I tried to use this same example in the fastapi, but I'm not getting it. The image is frozen.

Example in Flask (Works normally):

def generate():
    # grab global references to the output frame and lock variables
    global outputFrame, lock
    # loop over frames from the output stream
    while True:
        # wait until the lock is acquired
        with lock:
            # check if the output frame is available, otherwise skip
            # the iteration of the loop
            if outputFrame is None:
                continue
            # encode the frame in JPEG format
            (flag, encodedImage) = cv2.imencode(".jpg", outputFrame)
            # ensure the frame was successfully encoded
            if not flag:
                continue
        # yield the output frame in the byte format
        yield (b'--frame\r\n' b'Content-Type: image/jpeg\r\n\r\n' +
               bytearray(encodedImage) + b'\r\n')

@app.route("/")
def video_feed():
    # return the response generated along with the specific media
    # type (mime type)
    return Response(generate(),
                    mimetype="multipart/x-mixed-replace; boundary=frame")

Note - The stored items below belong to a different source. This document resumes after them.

(** * Symmetries *)

Lemma avoid_count_transfer (T : bvpat -> bvpat) (phi : forall n, 'S_n -> 'S_n) :
  involutive T -> (forall n, involutive (@phi n)) ->
  (forall n (pi : 'S_n) p, contains pi p -> contains (phi n pi) (T p)) ->
  forall p n, avoid_count (T p) n = avoid_count p n.
Proof.
move=> TK phiK phi_contains p n.
have containsE (pi : 'S_n) : contains (phi n pi) (T p) = contains pi p.
  apply/idP/idP => [/phi_contains|/phi_contains //]; by rewrite phiK TK.
have phi_inj := can_inj (phiK n).
rewrite /avoid_count -(card_imset _ phi_inj).
by apply: eq_card => pi; rewrite -[pi in LHS]phiK (mem_imset _ _ phi_inj) !inE containsE.
Qed.

Lemma pat_invK : involutive pat_inv.
Proof. by case=> k sg X Y; rewrite /pat_inv /= invgK. Qed.

Lemma contains_pat_inv n (pi : 'S_n) p : contains pi p -> contains pi^-1 (pat_inv p).
Proof.
case: p => k sg X Y /contains_occurrence /= [g [h [g_incr h_incr gh HX HY]]].
apply/contains_occurrence; exists h, g; split => // a /=.
by rewrite -[a in LHS](permKV sg) -gh permK.
Qed.

Lemma avoid_count_inv p n : avoid_count (pat_inv p) n = avoid_count p n.
Proof.
exact: (avoid_count_transfer (phi := fun n pi => pi^-1)%g pat_invK (fun n => @invgK _)
          contains_pat_inv).
Qed.

Lemma rev_permE k (x : 'I_k) : rev_perm k x = rev_ord x.
Proof. by rewrite /rev_perm permE. Qed.

Lemma rev_perm_mulK k : involutive (fun s : 'S_k => rev_perm k * s)%g.
Proof. by move=> s; apply/permP => x; rewrite !permM !rev_permE rev_ordK. Qed.

Lemma rev_permV k : ((rev_perm k)^-1 = rev_perm k)%g.
Proof. by apply/permP => x; rewrite -[x in LHS]rev_ordK -rev_permE permK rev_permE. Qed.

Lemma rev_enum_ord k : rev (enum 'I_k) = map (@rev_ord k) (enum 'I_k).
Proof.
apply: (inj_map val_inj); rewrite map_rev val_enum_ord -map_comp.
have -> : [seq val (rev_ord i) | i <- enum 'I_k] = [seq k - i.+1 | i <- map val (enum 'I_k)].
  by rewrite -map_comp.
rewrite val_enum_ord; apply: (@eq_from_nth _ 0); rewrite size_rev ?size_map // => i.
rewrite size_iota => ltik.
by rewrite nth_rev ?size_iota // (nth_map 0) ?size_iota // !nth_iota //; lia.
Qed.

Lemma framed_seq_rev n k (g : 'I_k -> 'I_n) :
  framed_seq (fun a => rev_ord (g (rev_ord a))) =
  map (fun v => n.+1 - v) (rev (framed_seq g)).
Proof.
rewrite /framed_seq rev_cons rev_cat map_rcons map_cat -map_rev rev_enum_ord -map_comp.
rewrite /= subnn subn0 -cats1 -map_comp; congr (_ :: _ ++ _); apply: eq_map => a /=.
by have := ltn_ord (g (rev_ord a)); lia.
Qed.

Lemma adjacent_on_rev n k (X : {set 'I_k.+1}) (g : 'I_k -> 'I_n) : adjacent_on X g ->
  adjacent_on [set rev_ord x | x in X] (fun a => rev_ord (g (rev_ord a))).
Proof.
move=> HX _ /imsetP [x /HX gap_x ->]; rewrite framed_seq_rev /=.
have size_framed : size (framed_seq g) = k.+2.
  by rewrite /framed_seq /= size_cat size_map size_enum_ord addn1.
have framed_le i : nth 0 (framed_seq g) i <= n.+1.
  case: (ltnP i (size (framed_seq g))) => [/(mem_nth 0)|?]; last by rewrite nth_default.
  rewrite in_cons mem_cat inE => /or3P [/eqP -> //|/mapP [a _ ->]|/eqP -> //].
  by rewrite ltnS ltnW.
have lt_xk := ltn_ord x.
rewrite !(nth_map 0) ?size_rev ?size_framed ?nth_rev ?size_framed; try lia.
have -> : k.+2 - (k.+1 - x.+1).+2 = x by lia.
have -> : k.+2 - (k.+1 - x.+1).+1 = x.+1 by lia.
by move: (framed_le x.+1); rewrite gap_x; lia.
Qed.

Lemma pat_revK : involutive pat_rev.
Proof.
case=> k sg X Y; rewrite /pat_rev /= rev_perm_mulK.
by congr BVPat; apply/setP => x; rewrite -[x in LHS]rev_ordK !(mem_imset _ _ rev_ord_inj).
Qed.

Lemma contains_pat_rev n (pi : 'S_n) p :
  contains pi p -> contains (rev_perm n * pi)%g (pat_rev p).
Proof.
case: p => k sg X Y /contains_occurrence /= [g [h [g_incr h_incr gh HX HY]]].
apply/contains_occurrence; exists (fun a => rev_ord (g (rev_ord a))), h; split => //=.
- move=> a b ab; have /g_incr : rev_ord b < rev_ord a by rewrite /=; have := ltn_ord b; lia.
  by have := ltn_ord (g (rev_ord a)); rewrite /=; lia.
- by move=> a; rewrite !permM !rev_permE rev_ordK gh.
- exact: adjacent_on_rev.
Qed.

Lemma avoid_count_rev p n : avoid_count (pat_rev p) n = avoid_count p n.
Proof.
exact: (avoid_count_transfer pat_revK (fun n => @rev_perm_mulK n) contains_pat_rev).
Qed.

Lemma pat_compE p : pat_comp p = pat_inv (pat_rev (pat_inv p)).
Proof.
by case: p => k sg X Y; rewrite /pat_comp /pat_inv /pat_rev /= invMg invgK rev_permV.
Qed.

Lemma avoid_count_sym_class p q n :
  in_sym_class p q -> avoid_count q n = avoid_count p n.
Proof.
elim=> [//|{}q _ IH|{}q _ IH|{}q _ IH].
- by rewrite avoid_count_inv.
- by rewrite avoid_count_rev.
- by rewrite pat_compE avoid_count_inv avoid_count_rev avoid_count_inv.
Qed.
Lemma collision_param_bounded i0 c0 rho y x :
  collision_param i0 c0 rho y x -> forall j, `|y j| <= rho.
Proof.
move=> [[B_le x_le y_le _ _] yx] [[[i [r c]] nt]|[l|l]].
- rewrite yx /=; apply: le_trans (B_le i).
  by have := mxentry_le_norm (unflat x i) r c; rewrite mxE.
- by apply: le_trans x_le; have := mxentry_le_norm (\col_l y (inr (inl l))) l 0; rewrite mxE.
- by apply: le_trans y_le; have := mxentry_le_norm (\col_l y (inr (inr l))) l 0; rewrite mxE.
Qed.

Lemma collision_param_lipschitz (i0 : 'I_k) (c0 : 'I_(d (i0.*2).+1)) (rho : R) : 0 < rho ->
  exists2 K, 0 <= K & forall y x y' x' dl, 0 <= dl ->
    collision_param i0 c0 rho y x -> collision_param i0 c0 rho y' x' ->
    (forall j, `|y j - y' j| <= dl) -> forall t, `|x t - x' t| <= K * dl.
Proof.
move=> rho_gt0; have [K K_ge0 col_lip] := solved_column_lipschitz i0 c0 rho rho_gt0.
exists (1 + K); first by rewrite addr_ge0.
move=> y x y' x' dl dl_ge0 [col yx] [col' yx'] yy'.
have off_col t : ~~ in_column i0 c0 t -> `|x t - x' t| <= dl.
  by move=> nt; have := yy' (inl (exist _ t nt)); rewrite yx yx'.
have vec_close (g : 'I_(d 0) -> 'I_(d 0) + 'I_(d 0)) :
    `|\col_l y (inr (g l)) - \col_l y' (inr (g l))| <= dl.
  by apply: mx_norm_le => // l j; rewrite !mxE; exact: yy'.
have Kdl_ge0 := mulr_ge0 K_ge0 dl_ge0.
move=> [i [r c]]; rewrite mulrDl mul1r.
have [/andP [/eqP /= i_eq /eqP /= c_eq]|nt] := boolP (in_column i0 c0 (Tagged _ (r, c))).
  subst i; have -> : c = c0 by apply: val_inj.
  have blocks_close (j : 'I_k) : (j < i0)%N -> `|unflat x j - unflat x' j| <= dl.
    move=> ji; apply: mx_norm_le => // r' c'; rewrite !mxE; apply: off_col.
    by apply/negP => /andP [/eqP /= ji0 _]; rewrite ji0 ltnn in ji.
  have row_close r' c' : c' != c0 -> `|unflat x i0 r' c' - unflat x' i0 r' c'| <= dl.
    move=> c'_neq; rewrite !mxE; apply: off_col.
    by apply/negP => /andP [_ /eqP /= /val_inj c'_eq]; rewrite c'_eq eqxx in c'_neq.
  have := col_lip _ _ _ _ _ _ _ dl_ge0 col col' blocks_close (vec_close inl) (vec_close inr)
    row_close r.
  by rewrite !mxE; lra.
by have := off_col _ nt; lra.
Qed.

Lemma card_in_column (i0 : 'I_k) (c0 : 'I_(d (i0.*2).+1)) :
  (d (i0.+1).*2 <= #|in_column i0 c0|)%N.
Proof.
pose g (r : 'I_(d (i0.+1).*2)) : index := Tagged _ ((r, c0) : 'I_(d (i0.+1).*2) * _).
have g_inj : injective g by move=> r r' /(congr1 (fun t : index => val (tagged t).1)) /val_inj.
rewrite -[X in (X <= _)%N](card_ord (d (i0.+1).*2)) -(card_imset _ g_inj).
apply: subset_leq_card; apply/fintype.subsetP => _ /imsetP [r _ ->].
by rewrite unfold_in /in_column /= !eqxx.
Qed.

Lemma card_param_index (i0 : 'I_k) (c0 : 'I_(d (i0.*2).+1)) :
  (d 0 + d 0 < d (i0.+1).*2)%N -> (#|{: param_index i0 c0}| < #|{: index}|)%N.
Proof.
move=> dd; rewrite !card_sum !card_ord card_sig -(cardC (in_column i0 c0)) addnC ltn_add2r.
exact: leq_trans dd (card_in_column i0 c0).
Qed.

Lemma collision_piece_finite_null (i0 : 'I_k) (c0 : 'I_(d (i0.*2).+1)) (rho : R) :
  0 < rho -> (d 0 + d 0 < d (i0.+1).*2)%N ->
  finite_null [set x | exists y, collision_param i0 c0 rho y x].
Proof.
move=> rho_gt0 dd; have [K K_ge0 param_lip] := collision_param_lipschitz i0 c0 rho rho_gt0.
exact: lipschitz_image_finite_null rho_gt0 K_ge0 (card_param_index i0 c0 dd)
  (@collision_param_bounded i0 c0 rho) param_lip.
Qed.

Lemma not_injective_params_null : (0 < k)%N ->
  (forall i : 'I_k, (d 0 + d 0 < d (i.+1).*2)%N) -> (forall i : 'I_k, (0 < d (i.*2).+1)%N) ->
  (forall i, injective (f i)) ->
  lebesgue_null [set B : mxfam R (fun i : 'I_k => d (i.+1).*2) (fun i : 'I_k => d (i.*2).+1) |
                 ~ injective (Fk f B)].
Proof.
move=> k_gt0 rows_large cols_gt0 f_inj.
have index_gt0 : (0 < #|{: index}|)%N.
  pose i := Ordinal k_gt0; pose r := Ordinal (leq_ltn_trans (leq0n _) (rows_large i)).
  by apply/card_gt0P; exists (Tagged (fun j : 'I_k => ('I_(d (j.+1).*2) * 'I_(d (j.*2).+1))%type)
    (r, Ordinal (cols_gt0 i))).
pose Q := ({i0 : 'I_k & 'I_(d (i0.*2).+1)} * nat)%type.
apply: (lebesgue_null_flat (S := \bigcup_(q : Q)
  [set x | exists y, collision_param (tag q.1) (tagged q.1) q.2.+1%:R y x])).
  move=> B /(not_injective_collision_at B f_inj) [i0 [c0 [m [x [y col]]]]].
  exists (Tagged (fun i0 : 'I_k => 'I_(d (i0.*2).+1)) c0, m) => //=.
  exists (fun j => match j with
                   | inl t => flat B (val t) | inr (inl l) => x l 0 | inr (inr l) => y l 0
                   end); split => //.
  have col_id (v : 'cV[R]_(d 0)) : \col_l v l 0 = v.
    by apply/matrixP => l j; rewrite mxE (ord1 j).
  by rewrite /= !col_id flatK.
apply: null_set_bigcup => // q.
by apply: collision_piece_finite_null; rewrite ?ltr0n ?rows_large.
Qed.

End BlockComposition.

Theorem corollary2 (R : realType) (n m k : nat) (d : nat -> nat)
    (hdpos : forall j, (j <= k.*2)%N -> (0 < d j)%N)
    (hd0 : d 0%N = n) (hdk : d (k.*2) = m) (hm : (n.*2.+1 <= m)%N)
    (hdeven : forall j, ~~ odd j -> (2 <= j)%N -> (j <= k.*2)%N -> (n.*2.+1 <= d j)%N)
    (f : forall i : 'I_k, 'cV[R]_(d (i.*2)) -> 'cV[R]_(d (i.*2).+1))
    (hfnet : forall i, is_relu_net (f i))
    (hfinj : forall i, injective (f i))
    (dO : measure_display) (Omega : measurableType dO) (P : probability Omega R)
    (B : Omega -> forall i : 'I_k, 'M[R]_(d (i.+1).*2, d (i.*2).+1))
    (hB_ac : forall A : set (mxfam R (fun i : 'I_k => d (i.+1).*2)
                                      (fun i : 'I_k => d (i.*2).+1)),
        lebesgue_null A -> P.-negligible (B @^-1` A)) :
  {ae P, forall w, injective (Fk f (B w))}.
Proof.
subst n.
have f_lip i : exists2 L, 0 <= L & L.-lipschitz (f i).
  have [N fN] := hfnet i; have [L L_ge0 N_lip] := relu_net_lipschitz N.
  by exists L => // -[u v] _ /=; rewrite !fN; exact: klipschitz_le N_lip u v.
have [k0|k_gt0] := posnP k.
  apply: aeW => w; apply: contrapT.
  move=> /(not_injective_collision_at _ _ _ _ (B w) hfinj) [[i0 i0_lt] _].
  by rewrite k0 in i0_lt.
have rows_large (i : 'I_k) : (d 0 + d 0 < d (i.+1).*2)%N.
  by rewrite addnn; apply: hdeven; rewrite ?odd_double ?leq_double.
have cols_gt0 (i : 'I_k) : (0 < d (i.*2).+1)%N by apply: hdpos; rewrite ltn_double.
apply: negligibleS _ (hB_ac _ (not_injective_params_null _ _ _ f f_lip k_gt0 rows_large
  cols_gt0 hfinj)).
by move=> w.
Qed.
Lemma pinj_gapmap a b : a < n -> b < n -> is_pinj (gapmap a b).
Proof.
move=> an bn x y u xu yu; apply: val_inj.
have := gapmapE x an bn; have := gapmapE y an bn; rewrite xu yu /=.
by case: eqP => // ya; case: eqP => // xa [ux] [uy]; move: ux uy xa ya; rewrite /bump /unbump; lia.
Qed.

Lemma op_gapmap a b : a < n -> b < n -> order_preserving (gapmap a b).
Proof.
move=> an bn x y u v xu yv xy.
have := gapmapE x an bn; have := gapmapE y an bn; rewrite xu yv /=.
by case: eqP => // _; case: eqP => // _ [vy] [ux]; move: vy ux xy; rewrite /bump /unbump; lia.
Qed.

Lemma PMI_gapmap a b : a < n -> b < n -> in_PMI (gapmap a b).
Proof. by move=> an bn; split; [exact: pinj_gapmap | left; exact: op_gapmap]. Qed.

Lemma AM_gapmap_diag a : a < n -> in_AM (gapmap a a).
Proof.
move=> an; split; last exact: PMI_gapmap.
split; first exact: pinj_gapmap.
exists 1%g; rewrite odd_perm1; split=> // x y; rewrite perm1 => xy; apply: val_inj.
by have := gapmap_diagE x an; rewrite xy; case: eqP => // _ [].
Qed.

(* For [|a - b| = 2], [gapmap a b] is the restriction of a 3-cycle. *)
Lemma AM_gapmap_step a b : a < n -> b < n -> (a == b.+2) || (b == a.+2) ->
  in_AM (gapmap a b).
Proof.
move=> an bn ab; have mn : (a + b)./2 < n by lia.
pose oa := Ordinal an; pose om := Ordinal mn; pose ob := Ordinal bn.
split; last exact: PMI_gapmap.
split; first exact: pinj_gapmap.
exists (tperm oa om * tperm om ob)%g; split.
  have am : a != (a + b)./2 by apply/eqP; lia.
  have mb : (a + b)./2 != b by apply/eqP; lia.
  by rewrite odd_permM !odd_tperm -!val_eqE /= am mb.
move=> x y xy; apply: val_inj; rewrite permM.
have := gapmapE x an bn; rewrite xy /=; case: eqP => // xa [->].
by rewrite /= !val_tperm /oa /om /ob /=; move: xa ab; repeat case: eqP; rewrite /bump /unbump; lia.
Qed.

Lemma pcomp_gapmap_diagl a f : a < n ->
  (forall x, val x = a -> f x = None) -> pcomp (gapmap a a) f = f.
Proof.
move=> an fa; apply/ffunP => x; rewrite pcompE.
case: (eqVneq (val x) a) => [xa|xa]; first by rewrite gapmap_None // fa.
by have := gapmap_diagE x an; rewrite (negbTE xa); case: (gapmap a a x) => // y [/val_inj ->].
Qed.

Lemma pcomp_gapmap_diagr a f : a < n ->
  (forall x y, f x = Some y -> val y != a) -> pcomp f (gapmap a a) = f.
Proof.
move=> an fa; apply/ffunP => x; rewrite pcompE.
case fx: (f x) => [y|] //=; have := gapmap_diagE y an; rewrite (negbTE (fa _ _ fx)).
by case: (gapmap a a y) => // z [/val_inj ->].
Qed.

Lemma pprod_gapmap_diag (s : seq nat) x : all (gtn n) s ->
  omap val (pprod [seq gapmap c c | c <- s] x) =
  if val x \in s then None else Some (val x).
Proof.
elim: s x => [|c s IH] x /=; first by rewrite pidE.
move=> /andP[cn sn]; rewrite pcompE inE.
case: (eqVneq (val x) c) => [xc|xc] /=; first by rewrite gapmap_None.
by have := gapmap_diagE x cn; rewrite (negbTE xc); case: (gapmap c c x) => // y [/val_inj ->]; exact: IH.
Qed.
(* Let $M$ be a locally-finite map in the hyperbolic plane with exactly one end such that $V(M)$ is a locally finite collection of vertices, and suppose a group $G\le\mathrm{Isom}(\mathbb{H}^2)$ acts quasi-transitively on $M$. Then $G$ is finitely generated.
   Context: A map $M$ in a surface $X$ is a (simple, connected, infinite) graph embedded in $X$: vertices are distinct points, edges are curves meeting only at common endpoints, and each face is homeomorphic to an open disc. Locally-finite and number of ends refer to the underlying graph. $V(M)$ is a locally finite collection of vertices if every compact subset contains only finitely many vertices of $M$. $G$ acts on $M$ if each $g\in G$ maps $M$ to itself with $g(V(M))=V(M)$ inducing a graph automorphism; quasi-transitively means finitely many orbits on $V(M)$. *)

From HB Require Import structures.
From mathcomp Require Import all_boot all_order all_algebra.
From mathcomp Require Import all_classical all_reals all_analysis.
Set Implicit Arguments. Unset Strict Implicit. Unset Printing Implicit Defensive.
Import Order.TTheory GRing.Theory Num.Theory.
Import numFieldNormedType.Exports.
Local Open Scope classical_set_scope.
Local Open Scope ring_scope.

Definition Hset (R : realType) : set (R * R) := [set p | 0 < p.2].

(* H^2 as the subtype of R^2 = R * R, with the subspace topology
   (mathcomp-analysis equips [set_type A] with the initial topology). *)
Arguments Hset R : clear implicits.
Definition H2 (R : realType) := set_type (Hset R).
HB.instance Definition _ (R : realType) := Topological.copy (H2 R) (set_type (Hset R)).

Definition acosh (R : realType) (x : R) : R := ln (x + Num.sqrt (x ^+ 2 - 1)).

Definition hdist (R : realType) (p q : H2 R) : R :=
  let a := set_val p in let b := set_val q in
  acosh (1 + ((a.1 - b.1) ^+ 2 + (a.2 - b.2) ^+ 2) / (2 * a.2 * b.2)).

Definition isometry (R : realType) (f : H2 R -> H2 R) : Prop :=
  bijective f /\ forall p q, hdist (f p) (f q) = hdist p q.

Definition isom_subgroup (R : realType) (G : set (H2 R -> H2 R)) : Prop :=
  [/\ (forall g, G g -> isometry g),
      G id,
      (forall g h, G g -> G h -> G (g \o h)) &
      (forall g, G g -> exists2 h, G h & cancel g h /\ cancel h g)].

Inductive generated (T : Type) (S : set (T -> T)) : (T -> T) -> Prop :=
  | gen_id : generated S id
  | gen_gen s : S s -> generated S s
  | gen_inv s h : S s -> cancel s h -> cancel h s -> generated S h
  | gen_comp f g : generated S f -> generated S g -> generated S (f \o g).
(* Split off a tail that is small uniformly in M. *)
Lemma is_lim_seq_Series_dominated (f : nat -> nat -> R) (g D : nat -> R) :
  (forall h, is_lim_seq (fun M => f M h) (g h)) ->
  (forall M h, Rabs (f M h) <= D h) -> ex_series D ->
  is_lim_seq (fun M => Series (f M)) (Series g).
Proof.
  intros Hl Hb HD.
  assert (Hg : forall h, Rabs (g h) <= D h).
  { intros h; refine (is_lim_seq_le _ _ (Rabs (g h)) (D h) (fun M => Hb M h) _ (is_lim_seq_const _)).
    apply (is_lim_seq_abs _ (g h)), Hl. }
  apply is_lim_seq_spec; intros eps.
  assert (He3 : 0 < eps / 3) by (pose proof (cond_pos eps); lra).
  assert (HT := is_lim_seq_partial_sums D _ (Series_correct D HD)).
  apply is_lim_seq_spec in HT; destruct (HT (mkposreal _ He3)) as [N HN]; simpl in HN.
  specialize (HN N (le_n N)).
  assert (HF := is_lim_seq_sum_f_R0 f g N Hl); apply is_lim_seq_spec in HF.
  destruct (HF (mkposreal _ He3)) as [M0 HM0]; simpl in HM0.
  exists M0; intros M HM; specialize (HM0 M HM).
  pose proof (Series_tail_le (f M) D N (Hb M) HD) as T1.
  pose proof (Series_tail_le g D N Hg HD) as T2.
  apply Rabs_def2 in HN; apply Rabs_def2 in HM0.
  apply Rabs_le_between in T1; apply Rabs_le_between in T2.
  apply Rabs_def1; lra.
Qed.

Lemma Series_ge0 (a : nat -> R) : (forall n, 0 <= a n) -> ex_series a -> 0 <= Series a.
Proof.
  intros Ha Hex; replace 0 with (Series (fun n => 0 * a n)) by (rewrite Series_scal_l; ring).
  apply Series_le; [intros n; specialize (Ha n); split; lra | exact Hex].
Qed.

Lemma is_lim_seq_ratio_shift (N : nat -> R) lam K :
  (forall M, 0 < N M) -> 0 < lam -> is_lim_seq (fun M => N (S M) / N M) lam ->
  is_lim_seq (fun L => N L / N (L + K)%nat) (/ lam ^ K).
Proof.
  intros HN Hlam Hrat; induction K as [|K IH].
  - apply is_lim_seq_ext with (fun _ => 1); [intros L; rewrite Nat.add_0_r; specialize (HN L); field; lra|].
    rewrite pow_O, Rinv_1; apply is_lim_seq_const.
  - apply is_lim_seq_ext with (fun L => N L / N (L + K)%nat * / (N (S (L + K)) / N (L + K)%nat)).
    + intros L; rewrite Nat.add_succ_r; pose proof (HN L); pose proof (HN (L + K)%nat).
      pose proof (HN (S (L + K))); field; lra.
    + replace (/ lam ^ S K) with (/ lam ^ K * / lam) by (simpl; field; split; [apply pow_nonzero|]; lra).
      apply is_lim_seq_mult'; [exact IH|].
      apply (is_lim_seq_inv _ lam); [|intros E; injection E; lra].
      apply (is_lim_seq_incr_n (fun M => N (S M) / N M) K), Hrat.
Qed.

Lemma sum_f_R0_indicator (c : nat -> R) x B :
  (x <= B)%nat -> sum_f_R0 (fun e => c e * (if Nat.eqb x e then 1 else 0)) B = c x.
Proof.
  induction B as [|B IH]; intros Hx; simpl.
  - replace x with 0%nat by lia; simpl; ring.
  - destruct (Nat.eqb_spec x (S B)).
    + subst; rewrite sum_eq_R0; [ring|]; intros e He; destruct (Nat.eqb_spec (S B) e); [lia | ring].
    + rewrite IH by lia; ring.
Qed.

Section FreeWalk.

Variable sigma : R.

Fixpoint free_walk (M : nat) (d : Z) {struct M} : R :=
  match M with
  | O => if Z.eqb d 0 then 1 else 0
  | S M' => free_walk M' (d - 1) + sigma * free_walk M' d + free_walk M' (d + 1)
  end.

Lemma free_walk_opp M d : free_walk M (- d) = free_walk M d.
Proof.
  revert d; induction M; intros d; simpl.
  - destruct (Z.eqb_spec (- d) 0), (Z.eqb_spec d 0); try lia; reflexivity.
  - replace (- d - 1)%Z with (- (d + 1))%Z by lia; replace (- d + 1)%Z with (- (d - 1))%Z by lia.
    rewrite !IHM; ring.
Qed.

Definition killed_walk (M h e : nat) : R := transfer sigma (fun x => if Nat.eqb x e then 1 else 0) M h.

I tried to do it that way in FastAPI, but only the first frame appears, getting frozen.

def generate():
    # grab global references to the output frame and lock variables
    global outputFrame, lock
    # loop over frames from the output stream
    while True:
        # wait until the lock is acquired
        with lock:
            # check if the output frame is available, otherwise skip
            # the iteration of the loop
            if outputFrame is None:
                continue
            # encode the frame in JPEG format
            (flag, encodedImage) = cv2.imencode(".jpg", outputFrame)
            # ensure the frame was successfully encoded
            if not flag:
                continue
        # yield the output frame in the byte format
        yield b''+bytearray(encodedImage)


@app.get("/")
def video_feed():
    # return the response generated along with the specific media
    # type (mime type)
    # return StreamingResponse(generate())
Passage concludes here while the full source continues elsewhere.